It - Movie Review
WATERTOWN, N.Y. (WWNY) -
I didn’t love IT
It has made over 300 million dollars at the box office domestically, and it is still making money. I saw it on a Sunday night and the theater was nearly full. The film cost a mere 35 million dollars to produce; this makes it one of the biggest hits of the year, of all time. Horror genre and Stephen King fans are especially enamored with the film. It is this “word of mouth” that finally got me in the theater for a film I had little interest seeing previously.
I haven’t read the book it is based on, nor have I seen the mini-series that aired in 1990, so I haven’t a clue to how closely the film follows the original story. All the trouble starts when Georgie Denbrough (Jackson Robert Scott) a boy of about seven loses the homemade paper boat he and his older brother Bill (Jeadan Leibeher) made during a New England deluge which creates small rivers in the streets of Derry Maine. When Georgie reaches into the sewer drain opening, he meets Pennywise, a freakishly scary murderous clown that visits and kidnaps children every twenty-seven years.
The film starts strong and there certainly is enough conflict to keep the audience interested. Bill, who has never gotten over the disappearance of his brother a year later finds himself part of a group affectionately called the Losers: a much maligned and viciously bullied group of friends. New to this mix is the new kid Ben (a stellar performance by Jeremy Ray Taylor), a pudgy, curious, and smart addition, who is the victim of some of the most unpleasant bullying I have ever seen on the screen. Beverly Marsh (Sophia Lillis) a fiery, fearless teenage redhead who has a dismal home life at the hands of her abusive father not only becomes part of the Losers, but she is their most sympathetic ally and protector.

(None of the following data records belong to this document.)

(* Let $R$ be a $K$-algebra, $J$ an ideal of $R$ which is locally f.d.ss, and $T$ a finite dimensional semisimple subalgebra of $R$ such that $R = T \oplus J$ as $K$-vector spaces. Then $R$ is locally f.d.ss if and only if the following holds: for every finite subset $Y \subseteq J$ there is an idempotent $e \in J$ such that $Y \subseteq eJe$ and $et = te$ for all $t \in T$.
   Context: $K$ is a field. All algebras are associative but not necessarily unital $K$-algebras; ideals are two-sided ring ideals that are also $K$-subspaces. A $K$-algebra $R$ is locally f.d.ss if every finite subset of $R$ is contained in a subalgebra of $R$ that is a finite dimensional semisimple $K$-algebra. *)

From mathcomp Require Import all_boot all_algebra.
Set Implicit Arguments. Unset Strict Implicit. Unset Printing Implicit Defensive.
Import GRing.Theory.
Local Open Scope ring_scope.

Section NuAlg.
Variables (K : fieldType) (V : lmodType K) (mul : V -> V -> V).

Definition is_nualg : Prop :=
  [/\ forall x y z, mul x (mul y z) = mul (mul x y) z,
      forall x y z, mul (x + y) z = mul x z + mul y z,
      forall x y z, mul x (y + z) = mul x y + mul x z,
      forall (a : K) x y, mul (a *: x) y = a *: mul x y
    & forall (a : K) x y, mul x (a *: y) = a *: mul x y].

Definition subset (A B : V -> Prop) : Prop := forall x, A x -> B x.

Definition seq_in (s : seq V) (A : V -> Prop) : Prop :=
  forall i, (i < size s)%N -> A (nth 0 s i).

Definition subspace (S : V -> Prop) : Prop :=
  [/\ S 0, forall x y, S x -> S y -> S (x + y)
    & forall (a : K) x, S x -> S (a *: x)].

Definition span (s : seq V) : V -> Prop :=
  fun x => exists c : 'I_(size s) -> K, x = \sum_(i < size s) c i *: nth 0 s i.

Definition fin_dim (S : V -> Prop) : Prop :=
  exists s : seq V, forall x, S x <-> span s x.

Definition subalg (S : V -> Prop) : Prop :=
  subspace S /\ forall x y, S x -> S y -> S (mul x y).

Definition ideal_in (A I : V -> Prop) : Prop :=
  [/\ subspace I, subset I A
    & forall a x, A a -> I x -> I (mul a x) /\ I (mul x a)].

Definition nilpotent (I : V -> Prop) : Prop :=
  exists n : nat, forall (x : V) (s : seq V),
    I x -> seq_in s I -> size s = n -> foldl mul x s = 0.

(* semisimple (for a finite dimensional algebra A): its radical, the largest
   nilpotent ideal, is zero, i.e. A has no nonzero nilpotent ideal *)
Definition semisimple (A : V -> Prop) : Prop :=
  forall I, ideal_in A I -> nilpotent I -> forall x, I x -> x = 0.

Definition fdss (A : V -> Prop) : Prop :=
  [/\ subalg A, fin_dim A & semisimple A].

Definition locally_fdss (A : V -> Prop) : Prop :=
  forall s : seq V, seq_in s A ->
    exists B : V -> Prop, [/\ fdss B, subset B A & seq_in s B].

End NuAlg.

(* If R is locally f.d.ss, put Y and a basis of T into a f.d. semisimple
   subalgebra B.  Every ideal of a f.d. semisimple (possibly non-unital)
   algebra has a unit element, so B /\ J has a unit e: it lies in J, fixes Y,
   and commutes with T because e t and t e both lie in B /\ J.
   Conversely, split each x_i = t_i + j_i, take e for the j_i, and a
   f.d. semisimple B inside J containing the j_i, e and e T.  Then
   eBe + (1 - e)T is a subalgebra, since the two summands annihilate each
   other; it is semisimple, as eBe is a corner of a semisimple algebra and
   (1 - e)T a homomorphic image of T; and it contains
   x_i = (j_i + e t_i) + (t_i - e t_i).
   Units of ideals come from idempotents: a nonzero left ideal contains a
   minimal one, which contains a nonzero idempotent, and an idempotent e of I
   that is not a right unit can be enlarged by one taken from I (1 - e). *)

From Pilot Require Import Defs.
From mathcomp Require Import all_boot all_algebra.
From Stdlib Require Import Classical Inverse_Image.
Import Pilot.Defs.
Set Implicit Arguments. Unset Strict Implicit. Unset Printing Implicit Defensive.
Import GRing.Theory.
Local Open Scope ring_scope.

Lemma linear_morphisms (K : fieldType) (U W : lmodType K) (f : U -> W) : linear f ->
  [/\ f 0 = 0, {morph f : x y / x + y}, {morph f : x y / x - y}
    & forall a, {morph f : x / a *: x}].
Proof.
move=> fL; have fB : {morph f : x y / x - y} := zmod_morphism_linear fL.
have f0 : f 0 = 0 by rewrite -{1}(subrr 0) fB subrr.
split=> // [x y | a x]; last exact: (scalable_linear fL).
have fN z : f (- z) = - f z by rewrite -sub0r fB f0 sub0r.
by rewrite -{1}[y]opprK fB fN opprK.
Qed.
Lemma hpow_refl h n x : hpow (hrefl h) n x = - hpow h n (- x).
Proof.
  revert x. induction n using Z.peano_ind; intro x.
  - simpl. lra.
  - rewrite !hpow_succ, IHn. simpl. rewrite Ropp_involutive. reflexivity.
  - rewrite !hpow_pred, IHn. simpl. rewrite Ropp_involutive. reflexivity.
Qed.

Lemma eval_refl a b w x : eval_word (hrefl a) (hrefl b) w x = - eval_word a b w (- x).
Proof.
  induction w as [| [g n] w IH]; simpl; [lra |].
  rewrite IH. destruct g; rewrite hpow_refl, Ropp_involutive; reflexivity.
Qed.

Lemma is_action_refl s p q a b : is_action s p q a b -> is_action s p q (hrefl a) (hrefl b).
Proof.
  intros [HR HS]. split; intro x; rewrite eval_refl; [rewrite HR | rewrite HS]; lra.
Qed.

Lemma incr_keep_above f x0 y : strict_increasing f -> x0 <= f x0 -> x0 <= y -> x0 <= f y.
Proof.
  intros Hf Hx0 [Hlt | <-]; [| exact Hx0]. apply Rle_trans with (f x0); [exact Hx0 |].
  left. apply Hf, Hlt.
Qed.

Lemma incr_keep_above_strict f x0 y : strict_increasing f -> x0 <= f x0 -> x0 < y -> x0 < f y.
Proof. intros Hf Hx0 Hy. apply Rle_lt_trans with (f x0); [exact Hx0 | apply Hf, Hy]. Qed.

Lemma incr_push_above f x0 y : strict_increasing f -> x0 < f x0 -> x0 <= y -> x0 < f y.
Proof.
  intros Hf Hx0 [Hlt | <-]; [| exact Hx0]. apply Rlt_trans with (f x0); [exact Hx0 |].
  apply Hf, Hlt.
Qed.

Lemma iter_push_above (F : R -> R) x0 :
  (forall y, x0 <= y -> x0 < F y) -> forall n, (1 <= n)%nat -> x0 < Nat.iter n F x0.
Proof.
  intros HF n Hn. destruct n as [| n]; [lia |]. rewrite Nat.iter_succ. apply HF.
  clear Hn. induction n as [| n IH]; simpl; [lra |]. left. apply HF, IH.
Qed.

(* The element X = b a b^s a b^s a b, so that L = a^(-(2s-2)) X a^(-(2s+9)). *)
Definition Xmap (a b : homeo) (s : Z) (x : R) : R :=
  hpow b 1 (hpow a 1 (hpow b s (hpow a 1 (hpow b s (hpow a 1 (hpow b 1 x)))))).

Lemma relator_identity a b s : (forall x, eval_word a b (relR s) x = x) -> forall y,
  hpow b 1 (hpow a 1 (hpow b s (hpow a 1 (hpow b 1 y)))) =
  hpow a 1 (hpow b 1 (hpow a 1 (hpow b (s - 1) (hpow a 1 (hpow b 1 (hpow a 1 y)))))).
Proof.
  intros HR y.
  (* R at the point a b a b^(s-1) a b a y; the three outermost letters of R
     then cancel against the left side. *)
  assert (E : hpow a 1 (hpow b 1 (hpow a 1 (hpow b (-1) (hpow a (-1) (hpow b (- s)
    (hpow a (-1) (hpow b (-1) (hpow a 1 (hpow b 1 (hpow a 1 (hpow b (s - 1)
    (hpow a 1 (hpow b 1 (hpow a 1 y)))))))))))))) = hpow a 1 (hpow b 1 (hpow a 1 y)))
    by exact (HR _).
  apply hpow_inj, hpow_inj, hpow_inj in E.
  rewrite <- E at 1. rewrite !hpow_cancel. reflexivity.
Qed.

(* Both sides below rewrite, by two uses of the relator identity, to
   a b a b^(s-1) a b a b^(s-1) a b a x. *)
Lemma Xmap_comm_a a b s : (forall x, eval_word a b (relR s) x = x) ->
  forall x, hpow a 1 (Xmap a b s x) = Xmap a b s (hpow a 1 x).
Proof.
  intros HR x. unfold Xmap.
  rewrite (hpow_peel_r b s (hpow a 1 (hpow b s (hpow a 1 (hpow b 1 x))))).
  rewrite (relator_identity a b s HR x).
  rewrite (hpow_peel_l b s (hpow a 1 (hpow b 1 (hpow a 1 x)))).
  rewrite (relator_identity a b s HR). reflexivity.
Qed.

Lemma Xmap_comm a b s : (forall x, eval_word a b (relR s) x = x) ->
  forall n x, hpow a n (Xmap a b s x) = Xmap a b s (hpow a n x).
Proof. intro HR. apply hpow_comm, (Xmap_comm_a a b s HR). Qed.

(* L^n = a^(-(4s+7)n) X^n, because X commutes with a. *)
Lemma longitude_power a b s : (forall x, eval_word a b (relR s) x = x) -> forall n x,
  Nat.iter n (eval_word a b (wordL s)) x =
  hpow a (- ((4 * s + 7) * Z.of_nat n)) (Nat.iter n (Xmap a b s) x).
Proof.
  intros HR n. induction n as [| n IH]; intro x.
  - simpl. rewrite Z.mul_0_r. reflexivity.
  - rewrite !Nat.iter_succ, IH.
    change (eval_word a b (wordL s) ?z) with
      (hpow a (- (2 * s - 2)) (Xmap a b s (hpow a (- (2 * s + 9)) z))).
    rewrite <- hpow_add, <- (Xmap_comm a b s HR), <- hpow_add.
    f_equal; rewrite Nat2Z.inj_succ; ring.
Qed.

Lemma surgery_identity a b s p q : (0 < q)%Z -> is_action s p q a b -> forall x,
  hpow a (p - (4 * s + 7) * q) (Nat.iter (Z.to_nat q) (Xmap a b s) x) = x.
Proof.
  intros Hq [HR HS] x. specialize (HS x). unfold surgery_rel in HS.
  rewrite eval_app, eval_wpow, (longitude_power a b s HR) in HS. simpl in HS.
  rewrite <- hpow_add, Z2Nat.id in HS by lia.
  rewrite <- HS at 2. reflexivity.
Qed.

Lemma Xmap_push_above a b s x0 : (0 <= s)%Z -> x0 < hf a x0 -> x0 <= hf b x0 ->
  forall y, x0 <= y -> x0 < Xmap a b s y.
Proof.
  intros Hs Ha Hb y Hy.
  assert (Bs : x0 <= hpow b s x0) by (apply hpow_nonneg_up; assumption).
  assert (Ia := hpow_incr a 1). assert (Ib := hpow_incr b 1). assert (Ibs := hpow_incr b s).
  unfold Xmap.
  apply incr_keep_above_strict; [exact Ib | exact Hb |].
  apply incr_push_above; [exact Ia | exact Ha |].
  apply incr_keep_above; [exact Ibs | exact Bs |].
  apply incr_keep_above; [exact Ia | left; exact Ha |].
  apply incr_keep_above; [exact Ibs | exact Bs |].
  apply incr_keep_above; [exact Ia | left; exact Ha |].
  apply incr_keep_above; [exact Ib | exact Hb | exact Hy].
Qed.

The middle of the film is a bit repetitive, and I found myself surprisingly uninvolved or not involved enough, emotionally. Too often it is a series of scenes of the Losers being bullied, and having scary ominous encounters with Pennywise, whose presence is usually preceded by a single red balloon on a string. There are too many of these encounters that are intended to build tension and warn us that danger is lurking and an encounter with Pennywise is imminent; but they begin to feel episodic. Perhaps that is the intention, to follow the book closely as it feels very novelistic here; but in any event seeing the clown so frequently does the exact thing it is supposed to not do, diminish tension. Something lurking unseen, but felt, might have been more effective. Too many incidents feel like they are intended to make the audience afraid, or feel doomed, but they don’t add up into anything in particular. There isn’t cause and effect in several scenes, momentum doesn’t push forward. The last fourth of the film almost makes up for the repetitive middle. Still not everything is clear when you leave the theater and a few subplots feel superfluous.
The music score and all technical elements help underscore the terror. The ensemble cast of youth actors is impressive and do great work here. The actor playing Pennywise (Bill Skarsgard) is a marvel and if you haven’t been afraid of clowns in the past you will be now. Additionally the film handles the themes of fear, and the perception of fear very well. It is a mixed bag, and is a good movie about 50% of the time. It certainly would be more effective if it were about twenty minutes shorter. Attention Parents: I saw several under 17 age kids in the audience, most of them with their parents. This film is rated R for a reason and children shouldn’t be allowed. Furthermore the dialogue of the 13 year olds is loaded with curse words. If you bring your 12 year old, will they go home and start using the “F” world, like the 12 and 13 year old characters in the movie? I saw a parent trying to talk a ten year old girl down as they left the theater, saying to her something like “You said you wouldn’t be scared by this movie. You are all scared now.” The kid looked terrified.